现在沈惟月被关入了柴房,而淼儿和卫煊身为这燕王府的燕王和小世子,竟然没有半点办法阻止那些丫鬟婆子们,这可是让淼儿十分着急。
要不是这个是老王妃在这里,要不然淼儿可不会让那些人动沈惟月一根手指头。现在倒好,人不仅被带走了,而他们却没有半点法子。
「还要什么办法,想就出来你的沈秘书,办法多的是,可是要想要光明正大地将她接出来,然后堵住薛家小姐那个人的嘴巴,又让老王妃不生气,不怨恨沈秘书,那可就只有好好将烟花做出来给老王妃看看。」见到淼儿如此担心沈惟月,卫煊轻轻嘆了一口气,随后便摸了摸他的脑袋,
「可是那个烟花,我们,真的能做好吗?」这刚才放出来的第一个都已经犯了这么大的错了,在沈惟月的指导之下他们都没有做好,现在让他们两个完全没有见过的烟花的人去做,那岂不是更加的不可能。
想了想那个薛晓兰的下场,淼儿对他们自己都有点不自信。
「要是不会的话直接去问沈秘书不就好了,她不还在这燕王府中吗?」没想到淼儿竟然问出这样的问题,卫煊不禁觉着有些可笑。

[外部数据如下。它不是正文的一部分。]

Lemma sum_stick_bit_bern (R : numDomainType) c x j (t : R) :
  \sum_b (stick_bit c x j b)%:R * bern t b =
  if (j < x)%N then 1 - t else if (j == x) && (x < c.-1)%N then t else 1.
Proof.
rewrite !big_ord_recl big_ord0 /stick_bit /bern /=.
case: (j < x)%N; first by rewrite mul1r mul0r !addr0.
case: (_ && _); first by rewrite mul0r mul1r add0r addr0.
by rewrite !mul1r addr0 subrK.
Qed.

Section StickBreaking.

Variables (R : numFieldType) (c : nat) (p : 'I_c -> R).

Definition mass_at (j : nat) : R := \sum_(y : 'I_c | val y == j) p y.

Definition mass_rest (j : nat) : R := 1 - \sum_(y : 'I_c | (y < j)%N) p y.

(* For j >= c.-1 the ratio is arbitrary: those bits do not affect decoding. *)
Definition stick_ratio (j : nat) : R :=
  if (j < c.-1)%N then mass_at j / mass_rest j else 2^-1.

Lemma mass_at_ord (x : 'I_c) : mass_at x = p x.
Proof. by rewrite /mass_at (eq_bigl (pred1 x)) ?big_pred1_eq. Qed.

Lemma mass_restS j : mass_rest j.+1 = mass_rest j - mass_at j.
Proof.
rewrite /mass_rest /mass_at (bigID (fun y : 'I_c => (y < j)%N)) /= opprD addrA.
congr (_ - _ - _); apply: eq_bigl => y; rewrite ltnS.
  by rewrite andb_idl // => /ltnW.
by rewrite -leqNgt -eqn_leq.
Qed.

Hypotheses (p_gt0 : forall x, 0 < p x) (p_sum1 : \sum_x p x = 1) (c_gt0 : (0 < c)%N).

Lemma mass_restE j : mass_rest j = \sum_(y : 'I_c | (j <= y)%N) p y.
Proof.
rewrite /mass_rest -p_sum1 (bigID (fun y : 'I_c => (y < j)%N)) /= addrC addrK.
by apply: eq_bigl => y; rewrite -leqNgt.
Qed.

Lemma mass_rest_gt0 j : (j <= c.-1)%N -> 0 < mass_rest j.
Proof.
move=> jc; have cc : (c.-1 < c)%N by rewrite ltn_predL.
rewrite mass_restE (bigD1 (Ordinal cc)) //=.
by apply: ltr_pwDl => //; apply: sumr_ge0 => y _; apply: ltW.
Qed.

Lemma stick_ratio_gt0_lt1 j : 0 < stick_ratio j < 1.
Proof.
rewrite /stick_ratio; case: ifP => jc; last first.
  by rewrite invr_gt0 ltr0n invf_lt1 // ltr1n.
have jc' : (j < c)%N := leq_trans jc (leq_pred c).
have p_j : mass_at j = p (Ordinal jc') by rewrite -mass_at_ord.
have r0 := mass_rest_gt0 (ltnW jc).
have := mass_rest_gt0 jc; rewrite mass_restS subr_gt0 => r1.
by rewrite divr_gt0 ?p_j //= ltr_pdivrMr // mul1r -p_j.
Qed.

Lemma prod_stick_ratio m : (m <= c.-1)%N ->
  \prod_(0 <= j < m) (1 - stick_ratio j) = mass_rest m.
Proof.
elim: m => [_|m IH mc].
  by rewrite big_nil /mass_rest big_pred0 ?subr0.
rewrite big_nat_recr //= IH ?(ltnW mc) // mass_restS /stick_ratio mc.
by field; rewrite gt_eqF ?mass_rest_gt0 ?(ltnW mc).
Qed.

Lemma stick_breaking_prod K (x : 'I_c) : (c <= K)%N ->
  \prod_(j < K) \sum_b (stick_bit c x j b)%:R * bern (stick_ratio j) b = p x.
Proof.
move=> cK; under eq_bigr do rewrite sum_stick_bit_bern.
pose G j := if (j < x)%N then 1 - stick_ratio j
            else if (j == x) && (x < c.-1)%N then stick_ratio j else 1.
rewrite -/(\prod_(j < K) G j).
have xK : (x <= K)%N := ltnW (leq_trans (ltn_ord x) cK).
have xc : (x <= c.-1)%N by rewrite -ltnS prednK.
rewrite -(big_mkord xpredT G) (@big_cat_nat _ _ _ x 0 K _ _ (leq0n x) xK) /=.
rewrite (@eq_big_nat _ _ _ 0 x _ (fun j => 1 - stick_ratio j)); last first.
  by move=> j /andP[_ jx]; rewrite /G jx.
rewrite prod_stick_ratio // big_ltn ?(leq_trans (ltn_ord x)) //.
rewrite big_nat_cond big1 => [|j /andP[/andP[xj _] _]]; last first.
  by rewrite /G ltnNge (ltnW xj) gtn_eqF.
rewrite /G ltnn eqxx mulr1 /=; case: ifP => [xc1|/negbT].
  rewrite /stick_ratio xc1 mass_at_ord.
  by field; rewrite gt_eqF ?mass_rest_gt0.
rewrite -leqNgt => cx; have x_last : val x = c.-1 by apply/eqP; rewrite eqn_leq xc.
rewrite mulr1 mass_restE (bigD1 x) //= big1 ?addr0 // => y /andP[xy /eqP yx].
by case: yx; apply/val_inj/eqP; rewrite eqn_leq xy andbT x_last -ltnS prednK ?ltn_ord.
Qed.

End StickBreaking.

Section DecodeLaw.

Variables (R : numDomainType) (K c : nat) (x0 : 'I_c) (q : 'I_K -> 'I_2 -> R).

Definition decode_law (x : 'I_c) : R :=
  \sum_(w | stick_decode x0 w == x) \prod_j q j (w j).

Lemma decode_lawE (x : 'I_c) : (c <= K)%N ->
  decode_law x = \prod_(j < K) \sum_b (stick_bit c x j b)%:R * q j b.
Proof.
move=> cK; rewrite bigA_distr_bigA /decode_law big_mkcond /=; apply: eq_bigr => w _.
rewrite stick_decodeE //; case: ifPn => [/forallP code_x|].
  by apply: eq_bigr => j _; rewrite code_x mul1r.
rewrite negb_forall => /existsP[j not_j].
by rewrite (bigD1 j) //= (negbTE not_j) !mul0r.
Qed.

Hypothesis q_sum1 : forall j, \sum_b q j b = 1.

Lemma decode_law_sum1 : \sum_x decode_law x = 1.
Proof.
have -> : 1 = \sum_(w : {ffun 'I_K -> 'I_2}) \prod_j q j (w j).
  by rewrite -bigA_distr_bigA big1.
by rewrite (partition_big (stick_decode x0) xpredT).
Qed.

Hypothesis q_gt0 : forall j b, 0 < q j b.

Lemma decode_law_gt0 (x : 'I_c) : (c <= K)%N -> 0 < decode_law x.
Proof.
move=> cK; rewrite decode_lawE //; apply: prodr_gt0 => j _.
have [b bit_b] := stick_bit_exists c x j.
rewrite (bigD1 b) //= bit_b mul1r ltr_pwDl //.
by apply: sumr_ge0 => b' _; rewrite mulr_ge0 ?ler0n ?ltW.
Qed.

End DecodeLaw.

Lemma sum_prod_pushforward (R : comPzSemiRingType) (I : finType) (X : I -> finType)
    (Y : finType) (d : forall i, Y -> X i) (w : I -> Y -> R)
    (G : {dffun forall i, X i} -> R) :
  \sum_(x : {dffun forall i, X i}) (\prod_i \sum_(y | d i y == x i) w i y) * G x
  = \sum_(r : {ffun I -> Y}) (\prod_i w i (r i)) * G (finfun (fun i => d i (r i))).
Proof.
pose dr (r : {ffun I -> Y}) : {dffun forall i, X i} := finfun (fun i => d i (r i)).
have prod_ind (r : {ffun I -> Y}) (x : {dffun forall i, X i}) :
    \prod_i (d i (r i) == x i)%:R = (dr r == x)%:R :> R.
  case: eqP => [<- | ne]; first by rewrite big1 // => i _; rewrite /dr ffunE eqxx.
  have [i ne_i] : exists i, d i (r i) != x i.
    apply/existsP; rewrite -negb_forall; apply: contra_notN ne => /forallP eq_i.
    by apply/ffunP => i; rewrite ffunE (eqP (eq_i i)).
  by rewrite (bigD1 i) //= (negbTE ne_i) mul0r.
transitivity (\sum_x \sum_r (dr r == x)%:R * \prod_i w i (r i) * G x).
  apply: eq_bigr => x _; rewrite -big_distrl /=; congr (_ * _).
  under eq_bigr do rewrite big_mkcond.
  rewrite bigA_distr_bigA; apply: eq_bigr => r _.
  rewrite -prod_ind -big_split; apply: eq_bigr => i _ /=.
  by case: (_ == _); rewrite ?mul1r ?mul0r.
rewrite exchange_big; apply: eq_bigr => r _.
rewrite (bigD1 (dr r)) //= eqxx mul1r [X in _ + X]big1 ?addr0 // => x /negbTE.
by rewrite eq_sym => ->; rewrite !mul0r.
Qed.

Section Binarize.

Variable S : fcs.

Definition width : nat := (\max_(i < nlat S) lcard S i)%N.

Lemma lcard_le_width i : (lcard S i <= width)%N.
Proof. exact: leq_bigmax. Qed.

Definition bit_index : finType := ('I_(nlat S) * 'I_width)%type.

Definition bit_of i j : 'I_#|bit_index| := enum_rank ((i, j) : bit_index).

Definition bit_rows := {ffun 'I_(nlat S) -> {ffun 'I_width -> 'I_2}}.

Definition bit_assign := {dffun forall k : 'I_#|bit_index|, 'I_2}.

Definition rows_of (l : bit_assign) : bit_rows := [ffun i => [ffun j => l (bit_of i j)]].

Definition lat0 i : 'I_(lcard S i) := Ordinal (ltnW (lcard_ge2 S i)).

Definition decode_rows (r : bit_rows) : assign S :=
  finfun (fun i => stick_decode (lat0 i) (r i)).

Definition decode (l : bit_assign) : assign S := decode_rows (rows_of l).

Lemma decode_local (P : pred 'I_(nlat S)) (l l' : bit_assign) :
  (forall k, P (enum_val k).1 -> l k = l' k) ->
  forall i, P i -> decode l i = decode l' i.
Proof.
move=> eq_ll' i Pi; rewrite /decode /decode_rows !ffunE; congr stick_decode.
by apply/ffunP => j; rewrite !ffunE eq_ll' // enum_rankK.
Qed.

Definition binarize : fcs.
refine (@FCS #|bit_index| (fun _ => 2%N) (fun _ => leqnn 2) (edge S)
  (fun k => paA S (enum_val k).1) (fun k => paB S (enum_val k).1)
  (fun l => fA S (decode l)) (fun l => fB S (decode l)) _ _ _ _).
- by move=> l l' b eq_ll'; apply: fA_local; apply: decode_local.
- by move=> l l' a eq_ll'; apply: fB_local; apply: decode_local.
- by move=> noBA l; apply: fA_obs.
- by move=> noAB l; apply: fB_obs.
Defined.

End Binarize.

Section BinarizeJoint.

Variables (R : realType) (S : fcs).

Definition rows_assign (r : bit_rows S) : bit_assign S :=
  [ffun k => r (enum_val k).1 (enum_val k).2].

Lemma rows_assignK : cancel rows_assign (@rows_of S).
Proof. by move=> r; apply/ffunP => i; apply/ffunP => j; rewrite !ffunE enum_rankK. Qed.

Lemma rows_ofK : cancel (@rows_of S) rows_assign.
Proof. by move=> l; apply/ffunP => k; rewrite !ffunE /bit_of -surjective_pairing enum_valK. Qed.

Lemma prod_bits (F : 'I_#|bit_index S| -> R) :
  \prod_k F k = \prod_i \prod_j F (bit_of i j).
Proof.
rewrite pair_bigA (reindex (@enum_val (bit_index S) predT)) /=; last first.
  by exists enum_rank => k _; [apply: enum_valK | apply: enum_rankK].
by apply: eq_bigr => k _; rewrite /bit_of -surjective_pairing enum_valK.
Qed.

Definition bit_law (q : 'I_#|bit_index S| -> 'I_2 -> R) i : 'I_(lcard S i) -> R :=
  decode_law (lat0 i) (fun j => q (bit_of i j)).

Lemma joint_binarize q a b : joint R (binarize S) q a b = joint R S (bit_law q) a b.
Proof.
rewrite /joint (reindex rows_assign); last first.
  by exists (@rows_of S) => x _; [apply: rows_assignK | apply: rows_ofK].
rewrite sum_prod_pushforward.
apply: eq_bigr => r _; rewrite prod_bits /obs /= /decode rows_assignK.
by congr (_ * _); apply: eq_bigr => i _; apply: eq_bigr => j _; rewrite ffunE enum_rankK.
Qed.

Lemma eq_joint (p p' : forall i : 'I_(nlat S), 'I_(lcard S i) -> R) a b :
  (forall i x, p i x = p' i x) -> joint R S p a b = joint R S p' a b.
Proof.
by move=> eq_pp'; apply: eq_bigr => l _; congr (_ * _); apply: eq_bigr => i _.
Qed.

Lemma bit_law_stick_breaking (p : forall i : 'I_(nlat S), 'I_(lcard S i) -> R) :
    latent_dist R S p ->
  forall i x,
  bit_law (fun k => bern (stick_ratio (p (enum_val k).1) (enum_val k).2)) x = p i x.
Proof.
move=> [p_bnd p_sum1] i x; rewrite /bit_law decode_lawE ?lcard_le_width //.
under eq_bigr do under eq_bigr do rewrite /bit_of enum_rankK /=.
have p_gt0 y : 0 < p i y by case/andP: (p_bnd i y).
by have := stick_breaking_prod p_gt0 (p_sum1 i) (ltnW (lcard_ge2 S i)) x (lcard_le_width i).
Qed.

End BinarizeJoint.

Lemma lt1_of_sum1 (R : numDomainType) (I : finType) (p : I -> R) :
  (1 < #|I|)%N -> (forall x, 0 < p x) -> \sum_x p x = 1 -> forall x, p x < 1.
Proof.
move=> I2 p_gt0 <- x; have [y yx] : exists y, y != x.
  apply/existsP; rewrite -negb_forall; apply: contraTN I2 => /forallP all_x.
  by rewrite -leqNgt; apply/card_le1_eqP => y z _ _; rewrite (eqP (all_x y)) (eqP (all_x z)).
rewrite (bigD1 x) //= (bigD1 y) //= ltrDl ltr_pwDl //.
by apply: sumr_ge0 => z _; apply: ltW.
Qed.

Section BinarizeDists.

Variables (R : realType) (S : fcs).

Lemma dists_binarize P : dists R S P -> dists R (binarize S) P.
Proof.
move=> [p [p_dist P_joint]]; have [p_bnd p_sum1] := p_dist.
exists (fun k : 'I_#|bit_index S| =>
          bern (stick_ratio (p (enum_val k).1) (enum_val k).2)); split.
  split=> [k b | k]; last exact: bern_sum1.
  have p_gt0 y : 0 < p (enum_val k).1 y by case/andP: (p_bnd _ y).
  exact/bern_gt0_lt1/(stick_ratio_gt0_lt1 p_gt0 (p_sum1 _) (ltnW (lcard_ge2 S _))).
move=> a b; rewrite P_joint joint_binarize.
by apply: eq_joint => i x; rewrite bit_law_stick_breaking.
Qed.

Lemma dists_of_binarize P : dists R (binarize S) P -> dists R S P.
Proof.
move=> [q [[q_bnd q_sum1] P_joint]].
have q_gt0 k b : 0 < q k b by case/andP: (q_bnd k b).
have law_sum1 i : \sum_(x : 'I_(lcard S i)) bit_law q x = 1.
  by apply: decode_law_sum1 => j; apply: q_sum1.
have law_gt0 i (x : 'I_(lcard S i)) : 0 < bit_law q x.
  exact: decode_law_gt0 (lcard_le_width i).
exists (bit_law q); split; last by move=> a b; rewrite P_joint joint_binarize.
split=> [i x|]; last exact: law_sum1.
by rewrite law_gt0 (lt1_of_sum1 _ (law_gt0 i)) ?card_ord ?lcard_ge2.
Qed.

End BinarizeDists.

Unset Implicit Arguments.

Theorem theorem1 (R : realType) (S : fcs) :
  exists S' : fcs, (forall i, lcard S' i = 2%N) /\ obs_equiv R S S'.
Proof.
exists (binarize S); split=> // P; split; [exact: dists_binarize | exact: dists_of_binarize].
Qed.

这有什么好需要想的,毕竟这可是燕王府,还有什么地方是他们去不了的嘛。
「对,这里可是在燕王府,刚才祖母又没有说我们却不能去看沈秘书,直接找过去不就好了吗。」听到卫煊这么一说,淼儿觉着豁然开朗,如此一来这件事情可就简单了许多。
说罢淼儿便大摇大摆地朝着院门外的方向走去,见着卫煊没有迈开一步,心中还有一些疑惑,「怎么?父王不跟我一块去看看沈秘书被关在哪里了吗?」
「不用了,父王命苦,这不一会还要给那个薛家的小姐赔不是。」说罢卫煊无奈地耸了耸肩膀,无奈地嘆了一口气。
作为堂堂的燕王,道歉是谈不上,可是出了这样的事情,又有老王妃在旁边,卫煊还是需要让人送一点东西过去的,要不然也是说不过去。
「那好,淼儿就先去了。」听说卫煊不去,现在淼儿可是没有时间等候他,脸上的微笑也回来了,一蹦一跳地要找沈惟月去。
「我们两个之前又没有什么仇,什么远的,不需要这么用力吧。」被两个婆子抓住了双臂,身后还跟着几个丫鬟,沈惟月觉着自己是不可能跑掉的,但是这两个婆子用的礼物可真是让她有些受不了。
无奈地嘆了一口气,沈惟月真是不知道自己为什么要在燕王府受这些不讲道理的老嬷嬷的气,当初就应该直接走人,那样的话可就没有这么多的麻烦了。
「少废话,赶快走吧。」见到这个犯错了的人要求竟然这么多,那两个婆子又加重了力气,直接把她往前面一推。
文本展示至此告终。